California's quiet revolution
California leads in efforts to cut fossil-fuel use and move to renewable energy sources.
A "quiet revolution" is going on now in the state, said Guido Franco, the climate change research lead at the California Energy Commission. Use of electrical power from coal-fired plants in other states is being phased out.
A 2006 law, AB 32, commits California to reducing carbon emissions to 1990 levels by 2020. We’re already a third of the way there said Ken Alex, a senior policy advisor to Gov. Jerry Brown and director of the state Office of Planning and Research, focusing on energy, environment, and land use issues.
Alex is also a UCSC grad ('79, Stevenson, politics) and told attendees in the College Nine/10 multipurpose room how happy he was to be on campus again. "I feel very much at home," he said.
Also attending portions was John Laird (Stevenson, 71, politics), secretary of the California Natural Resources Agency.

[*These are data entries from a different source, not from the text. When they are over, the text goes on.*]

Lemma is_derive_sumr (R : realType) (I : Type) (r : seq I) (f : I -> R -> R)
    (df : I -> R) (t : R) :
  (forall i, is_derive t 1 (f i) (df i)) ->
  is_derive t 1 (fun s => \sum_(i <- r) f i s) (\sum_(i <- r) df i).
Proof.
move=> fdf; elim: r => [|i r IHr].
  under eq_fun do rewrite big_nil; rewrite big_nil; exact: is_derive_cst.
under eq_fun do rewrite big_cons; rewrite big_cons; exact: is_deriveD.
Qed.

Section NoisingLaw.
Variables (R : realType) (S d : nat).
Hypothesis S_gt0 : (0 < S)%N.
Local Notation state := (state S d).

Definition avgkern (x y : state) : R := \sum_(j < d) S%:R^-1 * (agree_off j y x)%:R.

Lemma rowact_avgkern (p : state -> R) y :
  rowact avgkern p y = \sum_(j < d) cavg j p y.
Proof.
rewrite /rowact; under eq_bigr do rewrite mulr_sumr.
rewrite exchange_big; apply: eq_bigr => j _ /=.
rewrite /cavg -sum_agree_off mulr_sumr [RHS]big_mkcond; apply: eq_bigr => x _.
by case: agree_off; rewrite ?mulr1 ?mulr0 // mulrC.
Qed.

Lemma genact_avgkern (p : state -> R) y :
  genact p y = rowact avgkern p y - d%:R * p y.
Proof.
by rewrite genactE // sumrB rowact_avgkern sumr_const card_ord mulr_natl.
Qed.

Definition agree_from (k : nat) (y z : state) : bool :=
  [forall j : 'I_d, (k <= j)%N ==> (y j == z j)].

Lemma agree_from_upd k (k_lt_d : (k < d)%N) y a z :
  agree_from k (upd y (Ordinal k_lt_d) a) z =
  agree_from k.+1 y z && (z (Ordinal k_lt_d) == a).
Proof.
set jk := Ordinal k_lt_d.
apply/forallP/andP => [H|[/forallP H /eqP za] j].
  split; last by have := H jk; rewrite ffunE eqxx leqnn eq_sym.
  apply/forallP => j; apply/implyP => kj; have := H j; rewrite ffunE.
  have -> : (j == jk) = false by apply: contraTF kj => /eqP ->; rewrite ltnn.
  by rewrite (ltnW kj).
apply/implyP => kj; rewrite ffunE; have [->|jk_neq] := eqVneq j jk; first by rewrite za.
apply: implyP (H j) _; rewrite ltn_neqAle kj andbT.
by apply: contra jk_neq => /eqP jkE; apply/eqP/val_inj.
Qed.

Alex made the point that while California has the world's eighth largest economy and 38 million people, "who cares what California does" when the emerging economies of China and India have 2.8 billion people. Answering his own question, Alex said innovations and changed behavior in California can have widespread influence.
Social Sciences Dean Sheldon Kamiekiecki said he was very pleased by the level of discussion and the turnout at the Climate Science conference, and said he hopes it is the first of many.